Modern vapor degreasing fluids used within the system include exceptional materials compatibility, making them suitable for cleaning delicate plastic parts or mixed-material devices. They also have low surface tensions and high liquid densities. This allows the cleaning fluid to easily flow around tight-fitting and low-mounted components to clean under them thoroughly. Because the cleaning fluid used within a vapor degreaser also dries quickly, no moisture is left behind to cause problems like corrosion or dendrite growth.

Importantly, vapor degreasing fluids are hostile to bacteria. So, by using this cleaning process, it ensures a pyrogenfree cleaning environment. Vapor degreasing simplifies process control requirements for eliminating bioburden and offers an easy way to validate the manufacturing process.

Improve Cleaning to Enhance Reliability

Wearable technology is changing the way health-related data are collected and analyzed. The future for its use within the medical sector is not set to slow down. In fact, with the ongoing coronavirus crisis, it is becoming even more essential as healthcare providers look for additional contactless monitoring methods.
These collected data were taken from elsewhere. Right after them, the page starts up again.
(* The variety $\mathcal{WHB}$ of WHB-algebras has the finite model property, i.e. every equation that fails in some WHB-algebra fails in some finite WHB-algebra.
   Context: A WHB-algebra is an algebra $(A,\wedge,\vee,\to,\leftarrow,0,1)$ such that $(A,\wedge,\vee,0,1)$ is a bounded distributive lattice and for all $a,b,c\in A$: $a\to a=1$; $a\to(b\wedge c)=(a\to b)\wedge(a\to c)$; $(a\vee b)\to c=(a\to c)\wedge(b\to c)$; $(a\to b)\wedge(b\to c)\le a\to c$; $a\leftarrow a=0$; $(a\vee b)\leftarrow c=(a\leftarrow c)\vee(b\leftarrow c)$; $a\leftarrow(b\wedge c)=(a\leftarrow b)\vee(a\leftarrow c)$; $a\leftarrow c\le(a\leftarrow b)\vee(b\leftarrow c)$; $a\wedge((a\to b)\leftarrow 0)\le b$; $a\le b\vee(1\to(a\leftarrow b))$. *)

From Stdlib Require Import List.

Record WHBAlgebra := {
  carrier :> Type;
  meet : carrier -> carrier -> carrier;
  join : carrier -> carrier -> carrier;
  imp : carrier -> carrier -> carrier;
  coimp : carrier -> carrier -> carrier;
  bot : carrier;
  top : carrier;
  meet_assoc : forall a b c, meet a (meet b c) = meet (meet a b) c;
  join_assoc : forall a b c, join a (join b c) = join (join a b) c;
  meet_comm : forall a b, meet a b = meet b a;
  join_comm : forall a b, join a b = join b a;
  meet_absorb : forall a b, meet a (join a b) = a;
  join_absorb : forall a b, join a (meet a b) = a;
  meet_join_distr : forall a b c, meet a (join b c) = join (meet a b) (meet a c);
  join_bot : forall a, join a bot = a;
  meet_top : forall a, meet a top = a;
  (* WHB axioms; x <= y is written join x y = y *)
  imp_refl : forall a, imp a a = top;
  imp_meet : forall a b c, imp a (meet b c) = meet (imp a b) (imp a c);
  imp_join : forall a b c, imp (join a b) c = meet (imp a c) (imp b c);
  imp_trans : forall a b c,
      join (meet (imp a b) (imp b c)) (imp a c) = imp a c;
  coimp_refl : forall a, coimp a a = bot;
  coimp_join : forall a b c, coimp (join a b) c = join (coimp a c) (coimp b c);
  coimp_meet : forall a b c, coimp a (meet b c) = join (coimp a b) (coimp a c);
  coimp_trans : forall a b c,
      join (coimp a c) (join (coimp a b) (coimp b c)) = join (coimp a b) (coimp b c);
  mp_axiom : forall a b, join (meet a (coimp (imp a b) bot)) b = b;
  cmp_axiom : forall a b, join a (join b (imp top (coimp a b))) = join b (imp top (coimp a b))
}.

Definition le (A : WHBAlgebra) (x y : A) : Prop := join A x y = y.

Inductive term : Type :=
| tVar : nat -> term
| tMeet : term -> term -> term
| tJoin : term -> term -> term
| tImp : term -> term -> term
| tCoimp : term -> term -> term
| tBot : term
| tTop : term.

Fixpoint eval (A : WHBAlgebra) (v : nat -> A) (t : term) : A :=
  match t with
  | tVar n => v n
  | tMeet s u => meet A (eval A v s) (eval A v u)
  | tJoin s u => join A (eval A v s) (eval A v u)
  | tImp s u => imp A (eval A v s) (eval A v u)
  | tCoimp s u => coimp A (eval A v s) (eval A v u)
  | tBot => bot A
  | tTop => top A
  end.

Definition fails_in (A : WHBAlgebra) (s t : term) : Prop :=
  exists v : nat -> A, eval A v s <> eval A v t.

Definition finite_algebra (A : WHBAlgebra) : Prop :=
  exists l : list A, forall x : A, In x l.

(* Let [s = t] fail in [A] under [v], and let D be the bounded sublattice of [A] generated by
   the values of the subterms of [s] and [t]; D is finite.  Its join-prime elements ("points"),
   with [p R q] iff [p ≰ κ p ⊔ (q ⇒ κ q)], where [κ p] is the largest element of D not above
   [p], form a finite frame whose complex algebra is a WHB-algebra.  The map sending [a] to the
   set of points below [a] commutes with all operations on arguments in D: the witnesses
   required for [⇒] and [⇐] are minimal elements of D outside suitable ideals, and such minimal
   elements are automatically points.  This map is injective on D, so [s = t] fails in the
   finite algebra. *)
From Stdlib Require Import List Classical ClassicalEpsilon FunctionalExtensionality
  PropExtensionality ProofIrrelevance RelationClasses.
Import ListNotations.

Definition holds (P : Prop) : bool := if excluded_middle_informative P then true else false.

Lemma holds_true (P : Prop) : holds P = true <-> P.
Proof. unfold holds; destruct (excluded_middle_informative P); split; auto; discriminate. Qed.

Fixpoint sublists {X : Type} (l : list X) : list (list X) :=
  match l with
  | [] => [[]]
  | a :: r => map (cons a) (sublists r) ++ sublists r
  end.

Lemma filter_in_sublists {X : Type} (f : X -> bool) (l : list X) : In (filter f l) (sublists l).
Proof.
  induction l as [|a r IH]; simpl; [left; reflexivity|].
  apply in_or_app. destruct (f a); [left; apply in_map|right]; exact IH.
Qed.

Definition sublist_repr {X : Type} (l s : list X) : list X := filter (fun x => holds (In x s)) l.

Lemma sublist_repr_in_sublists {X : Type} (l s : list X) : In (sublist_repr l s) (sublists l).
Proof. apply filter_in_sublists. Qed.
Medical wearables significantly improve patient service by providing accurate and timely health data to physicians. The upward trend in this technology requires manufacturers to make smart decisions in how they produce these innovative products. In order to guarantee reliability, this must encompass everything from carefully constructed designs, to exacting production methods. An important and step that must be addressed from the earliest stage is consistent and precise cleaning during manufacture. For wearables like RPM to perform their crucial functions, they must be critically clean before further processing or packaging.

It is recommended that medical device manufacturers work with a critical cleaning partner that specializes in cleaning fluids designed specifically for the medical sector. They can help choose the best cleaning process and cleaning fluids to deliver quality cleaning results along with the performance, reliability, and longevity required for this innovative and complex technology.